[TowerTalk] Re: Importance of Amateur Radio Emergency Comms
Jim Lux
jimlux at earthlink.net
Fri Sep 24 18:44:59 EDT 2004
At 02:49 PM 9/24/2004 -0400, Tower (K8RI) wrote:
>Michael Tope wrote:
>
>>Good points, Rick. That is probably why the ARRL
>>came up with contests and the DXCC program. Both
>>programs motivate vast numbers of hams to maintain
>>
>Here in Midland County, the EOC has a multi-band ham station right in with
>the 911 operations. We also have rigs in the mobile EOC and all were paid
>for by the EOC. We also have packet in each installation and are working
>with portable repeaters along with ATV. We depend on tall outlying towers
>for the digipeaters as well as long haul HF.
>
>They take the back up as well as health and welfare communications seriously.
>In an emergency they don't want the phone lines tied up with "are you OK"
>calls. That is one of the things that ham radio can take care of
>without putting a load on local communications.
>We have "shadows" with important personel allowing them to contact people
>and agencies without having to tie up local lines which may not be available.
>
>Yes, emergency repeaters do have back up, but some one still has to go out
>and make sure the generators are fueled and running. Batteries do not
>last forever.
>In the case of natural disasters, power to the cell towers is quite likely
>to go and again their batteries won't last forever.
Sure.. towers for repeaters, etc., but I still think that emergency
communications is a poor political justification for a tower and HF beam in
a given ham's backyard. It's too easy, politically, to come up with a
scheme that appears to provide an equivalent capability without requiring
the city to allow me to put a tower in the backyard.
It's not that hams don't provide a useful service (they do), it's that the
potential for providing emergency communications is a pretty sketchy
justification for an aesthetically undesirable tower and antenna.
Far better to generalize a bit.. the quid pro quo argument, for one. Or,
the fact that Congress and the FCC explicitly (in the 47 CFR rules)
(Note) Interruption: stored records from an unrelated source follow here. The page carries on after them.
Lemma zline_continuous x y z : continuous (fun z => d (mkR3 x y z)) z.
Proof. exact (lipschitz_continuous _ _ z (lipschitz3_line_z K d x y d_lip)). Qed.

Lemma zline_vanishes x y s z : 0 <= s -> 1 - x * x - y * y <= s * s -> s < Rabs z ->
  d (mkR3 x y z) = 0.
Proof.
intros Hs Hxy Hz. apply d_supp, norm3_gt1.
assert (s² < z²) by (apply Rsqr_lt_abs_1; rewrite Rabs_pos_eq; lra).
unfold Rsqr in *; lra.
Qed.

Lemma abs_zproj_le x y s : 0 <= s -> 1 - x * x - y * y <= s * s ->
  Rabs (zproj d x y) <= 2 * s * L.
Proof.
intros Hs Hxy. apply abs_int_R_le; [exact Hs | apply zline_continuous | | auto].
intros z. now apply zline_vanishes.
Qed.

Lemma abs_zproj_le_2L x y : Rabs (zproj d x y) <= 2 * L.
Proof.
rewrite <- (Rmult_1_r 2) at 1. apply abs_zproj_le; [lra|].
pose proof (Rle_0_sqr x); pose proof (Rle_0_sqr y); unfold Rsqr in *; lra.
Qed.

Lemma zproj_outside_disk x y : 1 < x * x + y * y -> zproj d x y = 0.
Proof.
intros Hxy. apply Rabs_eq_0, Rle_antisym; [|apply Rabs_pos].
replace 0 with (2 * 0 * L) by ring. apply abs_zproj_le; lra.
Qed.
Section Contraction.
Variables (R : realType) (T : finType) (Q : T -> T -> R) (pi : {ffun T -> R}) (g qs : R).
Hypotheses (pi_gt0 : forall m, 0 < pi m) (pi_sum1 : \sum_m pi m = 1) (g_gt0 : 0 < g)
           (Q_gap : forall x : {ffun T -> R}, \sum_m x m = 0 ->
              wdot pi x (vmul x Q) <= - g * wdot pi x x)
           (Q_le : forall m m', `|Q m m'| <= qs) (piQ0 : vmul pi Q = 0).

Lemma pi_le1 m : pi m <= 1.
Proof. by rewrite -pi_sum1 (bigD1 m) //= lerDl sumr_ge0 // => ? _; apply: ltW. Qed.

Lemma wdot_step_le (mu : {ffun T -> R}) (P : T -> T -> R) (e : R) :
  (forall m, 0 <= mu m) -> \sum_m mu m = 1 -> 0 < e <= 1 ->
  qs ^+ 2 * (#|T|%:R * \sum_m (pi m)^-1) * (1 + g) * e <= g / 2 ->
  (forall m m', `|P m m' - (m == m')%:R - e * Q m m'| <= (e * qs) ^+ 2) ->
  wdot pi (vmul mu P - pi) (vmul mu P - pi)
    <= (1 - g / 2 * e) * wdot pi (mu - pi) (mu - pi)
       + qs ^+ 4 * (\sum_m (pi m)^-1) * (1 + g^-1) * e ^+ 3.
Proof.
move=> mu_ge0 mu_sum1 /andP[e_gt0 e_le1] small P_err.
(* [pi] is stationary for [Q] but not for [P]; the error [P - 1 - e Q] therefore acts on
   [mu] itself rather than on [mu - pi], and this is what costs the [e ^+ 3] term. *)
rewrite (vmul_perturb mu P e piQ0); set x := mu - pi.
apply: le_trans (wdotD_le pi_gt0 _ _ (mulr_gt0 g_gt0 e_gt0)) _.
have inv_ge0 : 0 <= \sum_m (pi m)^-1 by rewrite sumr_ge0 // => m _; rewrite invr_ge0 ltW.
apply: (contraction_arith (C := qs ^+ 2 * (#|T|%:R * \sum_m (pi m)^-1))
                          (B := qs ^+ 4 * \sum_m (pi m)^-1)) => //.
- by rewrite e_gt0.
- by rewrite mulr_ge0 ?sqr_ge0 ?mulr_ge0 ?ler0n.
- by rewrite mulr_ge0 // exprn_even_ge0.
- exact: wdot_ge0.
- have x_sum0 : \sum_m x m = 0.
    by under eq_bigr do rewrite !ffunE; rewrite sumrB mu_sum1 pi_sum1 subrr.
  rewrite wdot_addZ //.
  have gap := ler_wpM2l (mulr_ge0 (ler0n R 2) (ltW e_gt0)) (Q_gap x_sum0).
  have := ler_wpM2l (sqr_ge0 e) (wdot_vmul_le pi_gt0 pi_le1 x Q_le).
  have := wdot_ge0 pi_gt0 x; lra.
- apply: le_trans (wdot_vmul_distr_le pi_gt0 mu_ge0 mu_sum1 P_err) _.
  have -> : (e * qs) ^+ 2 ^+ 2 = qs ^+ 4 * e ^+ 4 by ring.
  by rewrite mulrAC.
Qed.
acknowledge that there are other "valuable to society" functions that hams
provide (oddly, free comm services to charitable organizations is not among
them, even though that's where a lot of hams provide a public service).
The odds of getting a law passed to apply PRB-1 type rules to HOAs and
CC&Rs are, in my opinion, fairly low. It's that treading on "private
contractual rights" thing, and without a real showing of public value, or
serious cash (i.e. satellite TV providers and TV broadcasters and the OTARD
rules), I don't see it happening any time soon.
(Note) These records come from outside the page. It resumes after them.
Lemma pear_prob_no_failure t s :
  (forall k, (k < t)%nat -> explore VP p k 0 = true) ->
  pear_prob VP p v t s 0 = if Nat.eqb s t then choiceN VP v ^ t else 0.
Proof.
  revert s. induction t as [|t IH]; intros s Hex.
  - destruct s; reflexivity.
  - assert (IHt : forall s, pear_prob VP p v t s 0 = if Nat.eqb s t then choiceN VP v ^ t else 0)
      by (intros s'; apply IH; intros k Hk; apply Hex; lia).
    assert (Ht : explore VP p t 0 = true) by (apply Hex; lia).
    assert (Hstay : (if explore VP p s 0 then 0 else pear_prob VP p v t s 0) = 0).
    { rewrite IHt. destruct (Nat.eqb_spec s t) as [->|_]; [now rewrite Ht|].
      now destruct (explore VP p s 0). }
    cbn [pear_prob]. rewrite Hstay. destruct s as [|s]; cbn beta iota; [simpl; ring|].
    rewrite IHt. destruct (Nat.eqb_spec s t) as [->|Hne].
    + rewrite Ht, !Nat.eqb_refl. simpl. ring.
    + replace (Nat.eqb (S s) (S t)) with false by (symmetry; apply Nat.eqb_neq; lia).
      destruct (explore VP p s 0); ring.
Qed.

Lemma pear_time_util_no_failure t :
  (forall s f, (s <= t)%nat -> (f <= t)%nat -> explore VP p s f = Nat.eqb f 0) ->
  pear_time_util VP p v t
  = choiceN VP v ^ t * emax2 VP v + (1 - choiceN VP v ^ t) * emax2 VP VP.
Proof.
  (* The stage utility is emax2 VP VP off the line f = 0, which carries mass c^t, at s = t. *)
  intros Hex. unfold pear_time_util, pear_stage_util.
  set (E := emax2 VP v). set (L := emax2 VP VP). set (P := pear_prob VP p v t).
  rewrite (sum_eq _ (fun s => sum_f_R0 (fun f => P s f) t * L + P s 0%nat * (E - L))).
  2:{ intros s Hs.
      assert (Hhead : sum_f_R0 (fun f => if Nat.eqb f 0 then P s f * (E - L) else 0) t
                      = P s 0%nat * (E - L)).
      { rewrite (sum_f_R0_single _ t 0); [reflexivity|lia|].
        intros [|f] Hf; [contradiction|reflexivity]. }
      rewrite <- Hhead, Rmult_comm, scal_sum, <- sum_plus. apply sum_eq. intros f Hf.
      rewrite Hex by lia. destruct (Nat.eqb f 0); ring. }
  rewrite sum_plus, <- !scal_sum. unfold P. rewrite pear_prob_mass by lia.
  rewrite (sum_f_R0_single _ t t), pear_prob_no_failure, Nat.eqb_refl; try lia.
  - fold E L. ring.
  - intros k Hk. rewrite Hex by lia. reflexivity.
  - intros s Hs. rewrite pear_prob_no_failure.
    + destruct (Nat.eqb_spec s t); [contradiction|reflexivity].
    + intros k Hk. rewrite Hex by lia. reflexivity.
Qed.

Lemma pear_time_util_bounds t :
  0 <= pear_time_util VP p v t <= emax2 VP v + emax2 VP VP.
Proof.
  pose proof (emax2_nonneg VP v). pose proof (emax2_nonneg VP VP).
  assert (Hstage : forall s f, 0 <= pear_stage_util VP p v s f <= emax2 VP v + emax2 VP VP)
    by (intros s f; unfold pear_stage_util; destruct (explore _ _ _ _); lra).
  unfold pear_time_util. split.
  - apply cond_pos_sum. intros s. apply cond_pos_sum. intros f.
    apply Rmult_le_pos; [apply pear_prob_nonneg|apply Hstage].
  - rewrite <- (Rmult_1_l (emax2 VP v + emax2 VP VP)), <- (pear_prob_mass t t) by lia.
    rewrite Rmult_comm, scal_sum. apply sum_Rle. intros s _.
    rewrite Rmult_comm, scal_sum. apply sum_Rle. intros f _.
    apply Rmult_le_compat_l; [apply pear_prob_nonneg|apply Hstage].
Qed.

End PearProcess.

(** * PEAR explores until the first rejection *)

Lemma pow_le_pow_of_le_1 (x : R) (m n : nat) :
  0 <= x <= 1 -> (m <= n)%nat -> x ^ n <= x ^ m.
Proof.
  intros Hx Hmn. induction Hmn as [|n _ IH]; [lra|].
  pose proof (pow_le x n (proj1 Hx)). simpl. nra.
Qed.

Definition likelihood_ratio (VP p : R) (s f : nat) : R :=
  rho2 VP ^ s * (1 - rho2 VP) ^ f / (rho1 VP p ^ s * (1 - rho1 VP p) ^ f).

Lemma explore_iff_likelihood_ratio_le_1 (VP p : R) (s f : nat) :
  0 < p < 1 -> explore VP p s f = true <-> likelihood_ratio VP p s f <= 1.
Proof.
  intros Hp.
  pose proof (choiceN_bounds VP vlow) as H2. pose proof (choiceN_bounds VP (vhigh p)) as H1.
  change (choiceN VP vlow) with (rho2 VP) in H2.
  change (choiceN VP (vhigh p)) with (rho1 VP p) in H1.
  assert (HR : 0 <= likelihood_ratio VP p s f).
  { apply Rdiv_le_0_compat.
    - apply Rmult_le_pos; apply pow_le; lra.
    - apply Rmult_lt_0_compat; apply pow_lt; lra. }
  unfold explore, posterior. fold (likelihood_ratio VP p s f).
  set (R := likelihood_ratio VP p s f) in *.
  assert (Hodds : 0 <= (1 - p) / p * R)
    by (apply Rmult_le_pos; [apply Rdiv_le_0_compat|]; lra).
  assert (Hprod : p * (1 + (1 - p) / p * R) = p + (1 - p) * R) by (field; lra).
  destruct (Rle_dec p (/ (1 + (1 - p) / p * R))) as [Hle|Hgt]; split; intros H; try easy.
  - apply (Rmult_le_compat_r (1 + (1 - p) / p * R)) in Hle; [|lra].
    rewrite Rinv_l, Hprod in Hle by lra. nra.
  - exfalso. apply Hgt. apply (Rmult_le_reg_r (1 + (1 - p) / p * R)); [lra|].
    rewrite Rinv_l, Hprod by lra. nra.
Qed.

Lemma explore_no_failure (VP p : R) (T : nat) :
  0 < p < 1 -> 1 - rho1 VP p < rho2 VP ^ T * (1 - rho2 VP) ^ T ->
  forall s f, (s <= T)%nat -> (f <= T)%nat -> explore VP p s f = Nat.eqb f 0.
Proof.
  intros Hp Hrho s f Hs Hf.
  pose proof (choiceN_bounds VP vlow) as H2. pose proof (choiceN_bounds VP (vhigh p)) as H1.
  change (choiceN VP vlow) with (rho2 VP) in H2.
  change (choiceN VP (vhigh p)) with (rho1 VP p) in H1.
  assert (H21 : rho2 VP <= rho1 VP p).
  { apply choiceN_le_compat. unfold vlow, vhigh.
    assert (0 < (1 - p) / p) by (apply Rdiv_lt_0_compat; lra). lra. }
  destruct f as [|f].
  - apply explore_iff_likelihood_ratio_le_1; [exact Hp|].
    unfold likelihood_ratio. simpl. rewrite !Rmult_1_r.
    apply Rle_div_l; [apply pow_lt; lra|]. rewrite Rmult_1_l. apply pow_incr. lra.
  - simpl. destruct (explore VP p s (S f)) eqn:Hex; [exfalso|reflexivity].
    apply explore_iff_likelihood_ratio_le_1 in Hex; [|exact Hp].
    unfold likelihood_ratio in Hex.
    assert (Hnum : rho2 VP ^ T * (1 - rho2 VP) ^ T <= rho2 VP ^ s * (1 - rho2 VP) ^ S f).
    { apply Rmult_le_compat; try (apply pow_le; lra); apply pow_le_pow_of_le_1; lra || lia. }
    assert (Hden : rho1 VP p ^ s * (1 - rho1 VP p) ^ S f <= 1 - rho1 VP p).
    { pose proof (pow_le_pow_of_le_1 (rho1 VP p) 0 s ltac:(lra) ltac:(lia)).
      pose proof (pow_le_pow_of_le_1 (1 - rho1 VP p) 0 f ltac:(lra) ltac:(lia)).
      pose proof (pow_le (rho1 VP p) s ltac:(lra)).
      pose proof (pow_le (1 - rho1 VP p) f ltac:(lra)).
      rewrite pow_O in *. rewrite <- tech_pow_Rmult.
      assert (rho1 VP p ^ s * (1 - rho1 VP p) ^ f <= 1) by nra. nra. }
    assert (Hpos : 0 < rho1 VP p ^ s * (1 - rho1 VP p) ^ S f)
      by (apply Rmult_lt_0_compat; apply pow_lt; lra).
    apply Rle_div_l in Hex; [|exact Hpos]. lra.
Qed.

Lemma explore_no_failure_eventually (VP : R) (T : nat) :
  at_right 0 (fun p => forall s f, (s <= T)%nat -> (f <= T)%nat ->
                       explore VP p s f = Nat.eqb f 0).
Proof.
  pose proof (choiceN_bounds VP vlow) as H2. change (choiceN VP vlow) with (rho2 VP) in H2.
  assert (Hk : 0 < rho2 VP ^ T * (1 - rho2 VP) ^ T)
    by (apply Rmult_lt_0_compat; apply pow_lt; lra).
  generalize (filter_and _ _ (at_right_0_interval 1 Rlt_0_1)
    (filterlim_eventually_gt _ _ (1 - rho2 VP ^ T * (1 - rho2 VP) ^ T) (rho1_limit VP)
       ltac:(lra))).
  apply filter_imp. intros p [Hp Hrho]. apply explore_no_failure; lra.
Qed.

(** * Utilities as p -> 0 *)

Definition low_time_util (VP : R) (t : nat) : R :=
  rho2 VP ^ t * emax2 VP vlow + (1 - rho2 VP ^ t) * emax2 VP VP.

Lemma pear_low_time_util_eventually (VP : R) (t : nat) :
  at_right 0 (fun p => pear_time_util VP p vlow t = low_time_util VP t).
Proof.
  generalize (explore_no_failure_eventually VP t). apply filter_imp. intros p Hex.
  exact (pear_time_util_no_failure VP p vlow t Hex).
Qed.

Lemma pear_high_term_limit (VP : R) (t : nat) :
  filterlim (fun p => p * pear_time_util VP p (vhigh p) t) (at_right 0) (locally 1).
Proof.
  apply (filterlim_ext_loc (fun p => rho1 VP p ^ t * (p * emax2 VP (vhigh p))
                                     + (1 - rho1 VP p ^ t) * (p * emax2 VP VP))).
  - generalize (explore_no_failure_eventually VP t). apply filter_imp. intros p Hex.
    rewrite (pear_time_util_no_failure VP p (vhigh p) t Hex).
    change (choiceN VP (vhigh p)) with (rho1 VP p). ring.
  - pose proof (filterlim_pow_R _ _ t (rho1_limit VP)) as Hrho.
    pose proof (filterlim_plus_R _ _ _ _
      (filterlim_mult_R _ _ _ _ Hrho (p_emax2_vhigh_limit VP))
      (filterlim_mult_R _ _ _ _ (filterlim_minus_R _ _ _ _ (filterlim_const 1) Hrho)
         (filterlim_mult_R _ _ _ _ (filterlim_at_right_id 0) (filterlim_const (emax2 VP VP)))))
      as Hlim.
    rewrite pow1, Rmult_0_l, Rmult_0_r, Rplus_0_r, Rmult_1_l in Hlim. exact Hlim.
Qed.

Definition pear_discounted_term (VP p delta : R) (t : nat) : R :=
  delta ^ t * (p * pear_time_util VP p (vhigh p) t + (1 - p) * pear_time_util VP p vlow t).

Lemma pear_discounted_term_limit (VP delta : R) (t : nat) :
  filterlim (fun p => pear_discounted_term VP p delta t)
            (at_right 0) (locally (delta ^ t * (1 + low_time_util VP t))).
Proof.
  unfold pear_discounted_term.
  apply filterlim_mult_R; [apply filterlim_const|].
  apply filterlim_plus_R; [apply pear_high_term_limit|].
  rewrite <- (Rmult_1_l (low_time_util VP t)).
  apply filterlim_mult_R.
  - pose proof (filterlim_minus_R _ _ _ _ (filterlim_const 1) (filterlim_at_right_id 0)) as H.
    rewrite Rminus_0_r in H. exact H.
  - apply (filterlim_ext_loc (fun _ => low_time_util VP t)); [|apply filterlim_const].
    generalize (pear_low_time_util_eventually VP t). apply filter_imp. intros p Hp.
    now rewrite Hp.
Qed.

Lemma pear_discounted_term_dominated (VP delta : R) : 0 <= delta ->
  at_right 0 (fun p => forall t, Rabs (pear_discounted_term VP p delta t)
                       <= (2 + emax2 VP VP + (emax2 VP vlow + emax2 VP VP)) * delta ^ t).
Proof.
  intros Hdelta. unfold pear_discounted_term.
  generalize (filter_and _ _ (at_right_0_interval 1 Rlt_0_1)
    (filterlim_eventually_lt _ _ 2 (p_emax2_vhigh_limit VP) ltac:(lra))).
  apply filter_imp. intros p [Hp HpE] t.
  pose proof (pear_time_util_bounds VP p (vhigh p) t).
  pose proof (pear_time_util_bounds VP p vlow t).
  pose proof (pow_le delta t Hdelta). pose proof (emax2_nonneg VP VP).
  rewrite Rabs_mult, (Rabs_right (delta ^ t)), Rmult_comm by lra.
  apply Rmult_le_compat_r; [lra|].
  assert (0 <= p * pear_time_util VP p (vhigh p) t <= 2 + emax2 VP VP) by nra.
  assert (0 <= (1 - p) * pear_time_util VP p vlow t <= emax2 VP vlow + emax2 VP VP) by nra.
  rewrite Rabs_right; lra.
Qed.

Lemma UtilPEAR_limit (VP delta : R) : 0 <= delta < 1 ->
  filterlim (fun p => UtilPEAR VP p delta) (at_right 0)
    (locally ((1 + emax2 VP VP) / (1 - delta)
              + (emax2 VP vlow - emax2 VP VP) / (1 - delta * rho2 VP))).
Proof.
  intros Hdelta.
  pose proof (choiceN_bounds VP vlow) as H2. change (choiceN VP vlow) with (rho2 VP) in H2.
  assert (Hseries : is_series (fun t => delta ^ t * (1 + low_time_util VP t))
    ((1 + emax2 VP VP) / (1 - delta)
     + (emax2 VP vlow - emax2 VP VP) / (1 - delta * rho2 VP))).
  { eapply is_series_ext; [|apply (is_series_plus _ _ _ _
      (is_series_geom_scal (1 + emax2 VP VP) delta Hdelta)
      (is_series_geom_scal (emax2 VP vlow - emax2 VP VP) (delta * rho2 VP) ltac:(nra)))].
    intros t. unfold low_time_util. rewrite Rpow_mult_distr.
    unfold plus. simpl. ring. }
  rewrite <- (is_series_unique _ _ Hseries).
  apply (filterlim_Series_dominated (fun p => pear_discounted_term VP p delta) _
           (2 + emax2 VP VP + (emax2 VP vlow + emax2 VP VP)) delta Hdelta).
  - intros t. apply pear_discounted_term_limit.
  - apply pear_discounted_term_dominated. lra.
Qed.

Lemma opt_mean_limit (VP : R) : 0 <= VP ->
  filterlim (fun p => p * opt_stage_util VP (vhigh p) + (1 - p) * opt_stage_util VP vlow)
            (at_right 0) (locally (1 + emax2 VP VP)).
Proof.
  intros HVP.
  apply (filterlim_ext_loc (fun p => p * emax2 (vhigh p) (vhigh p) + (1 - p) * emax2 VP VP)).
  - generalize (at_right_0_interval (/ (1 + VP)) ltac:(apply Rinv_0_lt_compat; lra)).
    apply filter_imp. intros p Hp. unfold opt_stage_util.
    destruct (Rlt_dec VP vlow) as [Hlow|_]; [unfold vlow in Hlow; lra|].
    destruct (Rlt_dec VP (vhigh p)) as [_|Hhigh]; [reflexivity|exfalso; apply Hhigh].
    assert (p * (1 + VP) < 1).
    { destruct Hp as [Hp0 Hp1]. apply (Rmult_lt_compat_r (1 + VP)) in Hp1; [|lra].
      rewrite Rinv_l in Hp1 by lra. exact Hp1. }
    unfold vhigh. apply Rlt_div_r; lra.
  - pose proof (filterlim_plus_R _ _ _ _ p_emax2_vhigh_vhigh_limit
      (filterlim_mult_R _ _ _ _
         (filterlim_minus_R _ _ _ _ (filterlim_const 1) (filterlim_at_right_id 0))
         (filterlim_const (emax2 VP VP)))) as Hlim.
    rewrite Rminus_0_r, Rmult_1_l in Hlim. exact Hlim.
Qed.

Lemma UtilOPT_eq (VP p delta : R) : 0 <= delta < 1 ->
  UtilOPT VP p delta
  = (p * opt_stage_util VP (vhigh p) + (1 - p) * opt_stage_util VP vlow) / (1 - delta).
Proof.
  intros Hdelta. unfold UtilOPT. apply is_series_unique.
  eapply is_series_ext; [|apply is_series_geom_scal, Hdelta].
  intros t. simpl. apply Rmult_comm.
Qed.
But, what about working to get laws that prohibit CC&Rs from including
rules forbidding transmitters (not towers, but transmitters)? My HOA
used to have such a rule and with a bit of skillfull maneuvering, based on
it being a blanket prohibition of all transmitters (including cellphones,
garage door openers), I managed to get it removed, with no replacement
rule. However, it's not unheard of for an HOA to have a No amateur or CB
transmitters rule, and that would be a lot tougher to get the HOA to
change, since very few resident's ox is being gored.